╭──

(* Let $m$ be an odd positive integer and $q\geq 1$. Then $m\#Q_q$ divides $Q_{m+q}$.
   Context: $Q_q$ denotes the $q$-dimensional hypercube graph (vertices are $q$-tuples of $0$'s and $1$'s, adjacent iff they differ in exactly one coordinate). For a graph $G$ and $m\geq 1$, $m\#G$ is the graph obtained by taking two disjoint copies $G'$ and $G''$ of $G$ and joining each vertex $v'\in V(G')$ to the corresponding vertex $v''\in V(G'')$ by a path with $m$ edges, these new paths being internally vertex-disjoint from each other and from $G'\cup G''$. For graphs $H$ and $G$, ''$H$ divides $G$'' means there is a collection of subgraphs $H_i$ of $G$, each isomorphic to $H$, such that $E(G)$ is the disjoint union of the edge sets $E(H_i)$. *)

From mathcomp Require Import all_boot.
Set Implicit Arguments. Unset Strict Implicit. Unset Printing Implicit Defensive.

(* A (simple) graph is given by a finite vertex type V and a symmetric,
   irreflexive adjacency relation adj : rel V. *)

Definition edges (V : finType) (adj : rel V) : {set {set V}} :=
  [set [set p.1; p.2] | p : V * V & adj p.1 p.2].

Definition image_edges (U V : finType) (adjH : rel U) (f : U -> V)
  : {set {set V}} :=
  [set [set f p.1; f p.2] | p : U * U & adjH p.1 p.2].

(* A subgraph isomorphic to H is given by an
   injective map f : V(H) -> V(G) sending edges to edges; the copy H_i is the
   subgraph with vertex set f(V(H)) and edge set image_edges adjH f. *)
Definition divides (U : finType) (adjH : rel U) (V : finType) (adjG : rel V)
  : Prop :=
  exists (k : nat) (f : 'I_k -> U -> V),
    [/\ forall i, injective (f i),
        forall i x y, adjH x y -> adjG (f i x) (f i y),
        forall i j, i != j -> [disjoint image_edges adjH (f i)
                                 & image_edges adjH (f j)]
      & \bigcup_(i < k) image_edges adjH (f i) = edges adjG].

Definition hcube_vertex (q : nat) := {ffun 'I_q -> bool}.
Definition hcube_adj (q : nat) : rel (hcube_vertex q) :=
  fun x y => #|[set i | x i != y i]| == 1.
(* Let $U:\mathbb{R}^d\to\mathbb{R}$ be twice continuously differentiable with $\nabla U(0)=0$ and $\sup_x\|\mathrm{D}^2U(x)\|\le\mathtt{L}$, and assume there exist $\mathtt{m}>0$, $\mathtt{K}\ge0$ with $\mathrm{D}^2U(x)[y,y]\ge\mathtt{m}$ whenever $\|x\|\ge\mathtt{K}$, $\|y\|=1$. Then for all $x,y\in\mathbb{R}^d$ with $\|x\|\vee\|y\|\ge\mathtt{K}+8\mathtt{K}\mathtt{L}/\mathtt{m}$, $$\langle\nabla U(x)-\nabla U(y),x-y\rangle\ge(\mathtt{m}/2)\|x-y\|^2.$$ *)

(* R^d is represented by row vectors 'rV[R]_d. *)
From mathcomp Require Import all_boot all_order all_algebra.
From mathcomp Require Import all_classical all_reals all_analysis.
Set Implicit Arguments. Unset Strict Implicit. Unset Printing Implicit Defensive.
Import Order.TTheory GRing.Theory Num.Theory.
Import numFieldNormedType.Exports.
Local Open Scope ring_scope.

Section Defs.
Variables (R : realType) (d : nat).

Definition dotv (x y : 'rV[R]_d) : R := \sum_(i < d) x ord0 i * y ord0 i.
Definition enorm (x : 'rV[R]_d) : R := Num.sqrt (dotv x x).

Definition evec (i : 'I_d) : 'rV[R]_d := delta_mx ord0 i.

Definition grad (U : 'rV[R]_d -> R) (x : 'rV[R]_d) : 'rV[R]_d :=
  \row_i derive U x (evec i).

(* second derivative as a bilinear form: D^2 U(x)[y,z] = D_z (D_y U)(x) *)
Definition hess (U : 'rV[R]_d -> R) (x y z : 'rV[R]_d) : R :=
  derive (fun w => derive U w y) x z.

(* twice continuously differentiable: U is differentiable, every directional
   derivative w |-> D_y U(w) is differentiable, and every second directional
   derivative w |-> D^2 U(w)[y,z] is continuous (equivalent to C^2 on R^d). *)
Definition C2 (U : 'rV[R]_d -> R) : Prop :=
  (forall x, differentiable U x) /\
  (forall y x, differentiable (fun w => derive U w y) x) /\
  (forall y z, continuous (fun w => hess U w y z)).

End Defs.

From mathcomp Require Import all_boot all_order all_algebra.
From mathcomp Require Import all_classical all_reals all_analysis.
From mathcomp Require Import ring lra.
Import Order.TTheory GRing.Theory Num.Theory.
Import numFieldNormedType.Exports.
Set Implicit Arguments. Unset Strict Implicit.
Local Open Scope ring_scope.

(* Write v = x - y and G t = D U (y + t v) [v], so that G 1 - G 0 is the right-hand side
   and G' t = D^2 U (y + t v) [v, v], which is at least -L |v|^2 everywhere and at least
   m |v|^2 at points of norm >= K.  If |v| < 8KL/m, the whole segment stays outside the
   ball of radius K, because max(|x|, |y|) >= K + 8KL/m; hence G 1 - G 0 >= m |v|^2.
   Otherwise the segment meets the ball only for t in an interval of length 2K/|v|
   around the foot of the perpendicular from 0 (Pythagoras), so
   G 1 - G 0 >= m |v|^2 - 2 (m + L) K |v| >= (m/2) |v|^2, as 4 (m + L) K <= 8 K L <= m |v|
   (note m <= L). *)

Section Euclidean.
Variables (R : realType) (d : nat).
Implicit Types (x y v : 'rV[R]_d) (t : R).

Lemma dotvC x y : dotv x y = dotv y x.
Proof. by apply: eq_bigr => i _; rewrite mulrC. Qed.

Lemma dotvDl x y v : dotv (x + y) v = dotv x v + dotv y v.
Proof. by rewrite /dotv -big_split; apply: eq_bigr => i _; rewrite !mxE mulrDl. Qed.

Lemma dotvZl t x y : dotv (t *: x) y = t * dotv x y.
Proof. by rewrite /dotv big_distrr; apply: eq_bigr => i _; rewrite !mxE -mulrA. Qed.

Lemma dotvBl x y v : dotv (x - y) v = dotv x v - dotv y v.
Proof. by rewrite dotvDl -scaleN1r dotvZl mulN1r. Qed.

Lemma dotv0r x : dotv x 0 = 0.
Proof. by rewrite dotvC -(scale0r 0) dotvZl mul0r. Qed.

Lemma dotv_ge0 x : 0 <= dotv x x.
Proof. by apply: sumr_ge0 => i _; rewrite -expr2 sqr_ge0. Qed.

Lemma dotv_eq0 x : (dotv x x == 0) = (x == 0).
Proof.
apply/eqP/eqP => [x0|->]; last by rewrite dotv0r.
have xi2 := @psumr_eq0P _ _ _ (fun i => x ord0 i * x ord0 i)
  (fun i _ => sqr_ge0 (x ord0 i)) x0.
apply/rowP => i; rewrite mxE; apply/eqP.
by rewrite -sqrf_eq0 expr2 xi2.
Qed.

Lemma dotv_gt0 x : x != 0 -> 0 < dotv x x.
Proof. by move=> x0; rewrite lt_def dotv_eq0 x0 dotv_ge0. Qed.

Lemma dotv_lineE y v t : dotv (y + t *: v) (y + t *: v) =
  dotv y y + 2 * t * dotv y v + t ^+ 2 * dotv v v.
Proof.
rewrite !(dotvDl, dotvZl) !(dotvC _ (_ + _)) !(dotvDl, dotvZl) (dotvC v y); ring.
Qed.

Lemma dotv_line_foot y v t : 0 < dotv v v ->
  let t0 := - dotv y v / dotv v v in
  dotv (y + t *: v) (y + t *: v) =
  dotv (y + t0 *: v) (y + t0 *: v) + (t - t0) ^+ 2 * dotv v v.
Proof. by move=> v0 t0; rewrite !dotv_lineE /t0; field; rewrite gt_eqF. Qed.

Lemma CauchySchwarz x y : dotv x y ^+ 2 <= dotv x x * dotv y y.
Proof.
have [->|y0] := eqVneq y 0; first by rewrite dotv0r expr0n /= dotv0r mulr0.
have y0' := dotv_gt0 y0; pose t0 := - dotv x y / dotv y y; rewrite -subr_ge0.
suff -> : dotv x x * dotv y y - dotv x y ^+ 2 =
    dotv y y * dotv (x + t0 *: y) (x + t0 *: y) by rewrite mulr_ge0 ?dotv_ge0.
by rewrite dotv_lineE /t0; field; rewrite gt_eqF.
Qed.

Lemma enorm_ge0 x : 0 <= enorm x.
Proof. exact: sqrtr_ge0. Qed.

Lemma enorm_sq x : enorm x ^+ 2 = dotv x x.
Proof. by rewrite sqr_sqrtr // dotv_ge0. Qed.

Lemma enormZ t x : enorm (t *: x) = `|t| * enorm x.
Proof.
by rewrite /enorm dotvZl dotvC dotvZl mulrA -expr2 sqrtrM ?sqr_ge0 // sqrtr_sqr.
Qed.

Lemma dotv_le_enorm x y : dotv x y <= enorm x * enorm y.
Proof.
apply: le_trans (ler_norm _) _.
rewrite -ler_sqr ?nnegrE ?mulr_ge0 ?enorm_ge0 // real_normK ?num_real //.
by rewrite exprMn !enorm_sq CauchySchwarz.
Qed.

Lemma enormD x y : enorm (x + y) <= enorm x + enorm y.
Proof.
rewrite -ler_sqr ?nnegrE ?addr_ge0 ?enorm_ge0 // enorm_sq.
rewrite dotvDl !(dotvC _ (_ + _)) !dotvDl (dotvC x y) -!enorm_sq.
by have := dotv_le_enorm y x; lra.
Qed.

Lemma enorm_line_ge y v : 0 < dotv v v ->
  exists t0, forall t, `|t - t0| * enorm v <= enorm (y + t *: v).
Proof.
move=> v0; exists (- dotv y v / dotv v v) => t.
rewrite -ler_sqr ?nnegrE ?mulr_ge0 ?enorm_ge0 // exprMn real_normK ?num_real //.
by rewrite !enorm_sq (dotv_line_foot y t v0) lerDr dotv_ge0.
Qed.

Lemma enorm_segment_ge x y t : 0 <= t <= 1 ->
  Num.max (enorm x) (enorm y) <= enorm (y + t *: (x - y)) + enorm (x - y).
Proof.
move=> /andP[t0 t1]; set z := y + t *: (x - y).
have ex : x = z + (1 - t) *: (x - y).
  by rewrite /z -addrA -scalerDl [t + _]addrC subrK scale1r addrC subrK.
have ey : y = z + (- t) *: (x - y) by rewrite scaleNr addrK.
have := enormD z ((1 - t) *: (x - y)); have := enormD z ((- t) *: (x - y)).
rewrite -ex -ey !enormZ normrN !ger0_norm ?subr_ge0 //.
have := enorm_ge0 (x - y); rewrite ge_max => ? ? ?; apply/andP; split; nra.
Qed.

End Euclidean.

Section Increments.
Variable R : realType.
Implicit Types (g dg : R -> R) (a b c p q : R).

Lemma increment_ge g dg c p q : p <= q ->
  (forall t : R, is_derive t (1 : R) g (dg t)) ->
  (forall t, p < t < q -> c <= dg t) -> c * (q - p) <= g q - g p.
Proof.
move=> pq dg_g cdg; have [<-|pq'] := eqVneq p q; first by rewrite !subrr mulr0.
have ltpq : p < q by rewrite lt_neqAle pq' pq.
have [|t tpq ->] := MVT ltpq (fun t _ => dg_g t).
  by apply: derivable_within_continuous => t _; apply: ex_derive.
by rewrite ler_pM2r ?subr_gt0 //; apply: cdg; rewrite in_itv in tpq.
Qed.

Lemma clamp01_interval a b : a <= b -> exists a' b', [/\ 0 <= a' <= b', b' <= 1,
  b' - a' <= b - a & forall t, 0 < t < 1 -> (t <= a' -> t <= a) /\ (b' <= t -> b <= t)].
Proof.
pose clamp c := Num.max 0 (Num.min c 1).
have clampE c : [\/ c <= 0 /\ clamp c = 0, 1 <= c /\ clamp c = 1 |
                    0 <= c <= 1 /\ clamp c = c].
  rewrite /clamp /=; case: (leP c 1) => c1.
    by case: (leP 0 c) => c0; [constructor 3 | constructor 1; split; [exact: ltW|]].
  by constructor 2; split; [exact: ltW | exact: max_r ler01].
move=> ab; exists (clamp a), (clamp b).
case: (clampE a) (clampE b)
    => [[? ->]|[? ->]|[/andP[? ?] ->]] [[? ->]|[? ->]|[/andP[? ?] ->]];
  by split; [apply/andP; split | | | move=> t /andP[? ?]; split=> ?]; lra.
Qed.

Lemma increment_ge_except g dg a b c1 c2 :
  (forall t : R, is_derive t (1 : R) g (dg t)) ->
  (forall t, 0 < t < 1 -> c2 <= dg t) ->
  (forall t, 0 < t < 1 -> t <= a \/ b <= t -> c1 <= dg t) ->
  c2 <= c1 -> a <= b -> c1 - (c1 - c2) * (b - a) <= g 1 - g 0.
Proof.
move=> dg_g c2dg c1dg c21.
case/clamp01_interval=> a' [b' [/andP[a'0 a'b'] b'1 ab' outside]].
have in01 p q t : 0 <= p -> q <= 1 -> p < t < q -> 0 < t < 1.
  by move=> p0 q1 /andP[? ?]; apply/andP; split; lra.
have head : c1 * (a' - 0) <= g a' - g 0.
  apply: increment_ge a'0 dg_g _ => t tI.
  have t01 := in01 _ _ _ (lexx 0) (le_trans a'b' b'1) tI.
  by apply: (c1dg t t01); left; apply: (proj1 (outside t t01)); case/andP: tI => _ /ltW.
have mid : c2 * (b' - a') <= g b' - g a'.
  by apply: increment_ge a'b' dg_g _ => t tI; apply/c2dg/(in01 _ _ _ a'0 b'1 tI).
have tail : c1 * (1 - b') <= g 1 - g b'.
  apply: increment_ge b'1 dg_g _ => t tI.
  have t01 := in01 _ _ _ (le_trans a'0 a'b') (lexx 1) tI.
  by apply: (c1dg t t01); right; apply: (proj2 (outside t t01)); case/andP: tI => /ltW.
have : (c1 - c2) * (b' - a') <= (c1 - c2) * (b - a) by rewrite ler_wpM2l ?subr_ge0.
lra.
Qed.

End Increments.

Section SecondDerivative.
Variables (R : realType) (d : nat).
Implicit Types (U F : 'rV[R]_d -> R) (x y z u v : 'rV[R]_d).

Lemma derive_line F y v t : derivable F (y + t *: v) v ->
  is_derive t 1 (fun s => F (y + s *: v)) (derive F (y + t *: v) v).
Proof.
have E : (fun h : R => h^-1 *: (((fun s => F (y + s *: v)) \o shift t) (h *: 1)
                                   - F (y + t *: v)))
       = (fun h => h^-1 *: ((F \o shift (y + t *: v)) (h *: v) - F (y + t *: v))).
  apply/funext => h /=; congr (_ *: (F _ - _)).
  by rewrite /shift /= scalerDl [h%:A]mulr1 addrCA.
by move=> dF; split; rewrite /derivable /derive E.
Qed.

Lemma derive_grad U x v : differentiable U x -> derive U x v = dotv (grad U x) v.
Proof.
move=> dU; rewrite deriveE // {1}(row_sum_delta v) linear_sum /dotv.
by apply: eq_bigr => i _; rewrite linearZ /= mxE -deriveE // mulrC.
Qed.

Lemma hessZ U z u (c : R) : C2 U ->
  hess U z (c *: u) (c *: u) = c ^+ 2 * hess U z u u.
Proof.
move=> [dU [ddU _]]; rewrite /hess.
have -> : (fun w => derive U w (c *: u)) = c \*: (fun w => derive U w u).
  by apply/funext => w /=; rewrite !deriveE // linearZ.
rewrite deriveZ; last exact: diff_derivable.
by rewrite !deriveE // linearZ expr2 scalerA.
Qed.

Lemma hess_unit_dir U v : C2 U -> v != 0 ->
  exists2 u, enorm u = 1 & forall z, hess U z v v = dotv v v * hess U z u u.
Proof.
move=> C2U v0; have s0 : 0 < enorm v by rewrite sqrtr_gt0 dotv_gt0.
set u := (enorm v)^-1 *: v; have vu : v = enorm v *: u.
  by rewrite /u scalerA divff ?gt_eqF // scale1r.
exists u => [|z]; last by rewrite {1 2}vu hessZ // enorm_sq.
by rewrite enormZ ger0_norm ?invr_ge0 ?enorm_ge0 // mulVf // gt_eqF.
Qed.

Lemma grad_increment_ge_except U x y (a b c1 c2 : R) : C2 U ->
  (forall t, 0 < t < 1 -> c2 <= hess U (y + t *: (x - y)) (x - y) (x - y)) ->
  (forall t, 0 < t < 1 -> t <= a \/ b <= t ->
     c1 <= hess U (y + t *: (x - y)) (x - y) (x - y)) ->
  c2 <= c1 -> a <= b ->
  c1 - (c1 - c2) * (b - a) <= dotv (grad U x - grad U y) (x - y).
Proof.
move=> [dU [ddU _]] c2H c1H c21 ab; set v := x - y.
have G0 : derive U (y + 0 *: v) v = derive U y v by rewrite scale0r addr0.
have G1 : derive U (y + 1 *: v) v = derive U x v by rewrite scale1r /v addrC subrK.
rewrite dotvBl -!derive_grad // -G0 -G1.
apply: (@increment_ge_except _ (fun s => derive U (y + s *: v) v) _ _ _ _ _ _
  c2H c1H c21 ab) => t.
exact/derive_line/diff_derivable.
Qed.

End SecondDerivative.

Lemma strong_convexity_margin (R : realFieldType) (m L K s : R) :
  0 < m <= L -> 0 <= K -> 0 < s -> 8 * K * L / m <= s ->
  m / 2 * s ^+ 2 <= m * s ^+ 2 - (m * s ^+ 2 + L * s ^+ 2) * (2 * K / s).
Proof.
move=> /andP[m0 mL] K0 s0; rewrite ler_pdivrMr // => KLs.
have -> : (m * s ^+ 2 + L * s ^+ 2) * (2 * K / s) = 2 * (m + L) * K * s.
  by field; rewrite gt_eqF.
have : 4 * (m + L) * K * s <= s * m * s by rewrite ler_pM2r //; nra.
lra.
Qed.

Section StrongConvexityOutsideBall.
Variables (R : realType) (d : nat) (U : 'rV[R]_d -> R) (L m K : R).
Hypotheses (C2U : C2 U) (m_gt0 : 0 < m) (K_ge0 : 0 <= K).
Hypothesis hess_le : forall x y z, enorm y = 1 -> enorm z = 1 -> `|hess U x y z| <= L.
Hypothesis hess_ge : forall x y, K <= enorm x -> enorm y = 1 -> m <= hess U x y y.
Implicit Types (x y z v : 'rV[R]_d).

Lemma hess_ge_lower v z : v != 0 -> - L * dotv v v <= hess U z v v.
Proof.
move=> v0; have [u u1 ->] := hess_unit_dir C2U v0.
rewrite [_ * hess _ _ _ _]mulrC ler_pM2r ?dotv_gt0 //.
by move: (hess_le z u1 u1); rewrite ler_norml => /andP[].
Qed.

Lemma hess_ge_outside v z : v != 0 -> K <= enorm z -> m * dotv v v <= hess U z v v.
Proof.
move=> v0 Kz; have [u u1 ->] := hess_unit_dir C2U v0.
by rewrite [_ * hess _ _ _ _]mulrC ler_pM2r ?dotv_gt0 ?hess_ge.
Qed.

Lemma grad_monotone_outside x y : x - y != 0 ->
  (forall t, 0 < t < 1 -> K <= enorm (y + t *: (x - y))) ->
  m * dotv (x - y) (x - y) <= dotv (grad U x - grad U y) (x - y).
Proof.
move=> v0 Kseg; have hmB t tI := hess_ge_outside v0 (Kseg t tI).
have := grad_increment_ge_except (a := 0) (b := 0) C2U hmB (fun t tI _ => hmB t tI).
by rewrite !subrr mul0r subr0; apply.
Qed.

Lemma grad_monotone_long_segment x y : x - y != 0 ->
  K + 8 * K * L / m <= Num.max (enorm x) (enorm y) -> 8 * K * L / m <= enorm (x - y) ->
  m / 2 * dotv (x - y) (x - y) <= dotv (grad U x - grad U y) (x - y).
Proof.
move=> v0 hxy far; have [u u1 _] := hess_unit_dir C2U v0.
have s0 : 0 < enorm (x - y) by rewrite sqrtr_gt0 dotv_gt0.
have mL : m <= L.
  have Kxy : K <= Num.max (enorm x) (enorm y).
    apply: le_trans hxy; rewrite lerDl !mulr_ge0 ?invr_ge0 ?(ltW m_gt0) //.
    exact: le_trans (normr_ge0 _) (hess_le x u1 u1).
  have [z Kz] : exists z, K <= enorm z.
    by move: Kxy; rewrite le_max => /orP[] Kz; [exists x | exists y].
  exact: le_trans (hess_ge Kz u1) (le_trans (ler_norm _) (hess_le z u1 u1)).
have [t0 ht0] := enorm_line_ge y (dotv_gt0 v0).
set k := K / enorm (x - y).
have hout t : t <= t0 - k \/ t0 + k <= t -> K <= enorm (y + t *: (x - y)).
  move=> ht; apply: le_trans (ht0 t); rewrite -ler_pdivrMr // -/k ler_normr.
  by case: ht => ht; apply/orP; [right | left]; lra.
have := grad_increment_ge_except (a := t0 - k) (b := t0 + k) C2U
  (fun t _ => hess_ge_lower _ v0) (fun t _ ht => hess_ge_outside v0 (hout t ht)).
have LB : - L * dotv (x - y) (x - y) <= m * dotv (x - y) (x - y).
  rewrite ler_pM2r ?dotv_gt0 // (le_trans _ (ltW m_gt0)) //.
  by rewrite oppr_le0 (le_trans (ltW m_gt0) mL).
have k0 : 0 <= k by rewrite divr_ge0 ?(ltW s0).
have ab : t0 - k <= t0 + k by lra.
move=> /(_ LB ab) /(le_trans _); apply.
have -> : t0 + k - (t0 - k) = 2 * K / enorm (x - y) by rewrite /k; ring.
by rewrite -enorm_sq mulNr opprK strong_convexity_margin ?m_gt0.
Qed.

End StrongConvexityOutsideBall.

Theorem lemma9 (R : realType) (d : nat) (U : 'rV[R]_d -> R) (L m K : R) :
  C2 U ->
  grad U 0 = 0 ->
  (* sup_x ||D^2 U(x)|| <= L  (operator norm w.r.t. the Euclidean norm) *)
  (forall x y z, enorm y = 1 -> enorm z = 1 -> `|hess U x y z| <= L) ->
  0 < m -> 0 <= K ->
  (forall x y, K <= enorm x -> enorm y = 1 -> m <= hess U x y y) ->
  forall x y : 'rV[R]_d,
    K + 8 * K * L / m <= Num.max (enorm x) (enorm y) ->
    (m / 2) * enorm (x - y) ^+ 2 <= dotv (grad U x - grad U y) (x - y).
Proof.
move=> C2U _ hess_le m_gt0 K_ge0 hess_ge x y hxy; rewrite enorm_sq.
have [->|v0] := eqVneq (x - y) 0; first by rewrite !dotv0r mulr0.
have [near|far] := ltP (enorm (x - y)) (8 * K * L / m); last first.
  exact: (grad_monotone_long_segment C2U m_gt0 K_ge0 hess_le hess_ge v0 hxy far).
apply: le_trans (grad_monotone_outside C2U hess_ge v0 _).
  by rewrite ler_pM2r ?dotv_gt0 // ler_pdivrMr // ler_peMr ?(ltW m_gt0) // ler1n.
move=> t /andP[/ltW t0 /ltW t1]; have := enorm_segment_ge x y (t := t).
by rewrite t0 t1 => /(_ isT); lra.
Qed.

╰──

From the data above, reproduce word for word the lines running from the line with "forall i j, i" to the line with "fun x y => #|[set i | x i != y i]| == 1.", ends included.

**Finished task**
        forall i j, i != j -> [disjoint image_edges adjH (f i)
                                 & image_edges adjH (f j)]
      & \bigcup_(i < k) image_edges adjH (f i) = edges adjG].

Definition hcube_vertex (q : nat) := {ffun 'I_q -> bool}.
Definition hcube_adj (q : nat) : rel (hcube_vertex q) :=
  fun x y => #|[set i | x i != y i]| == 1.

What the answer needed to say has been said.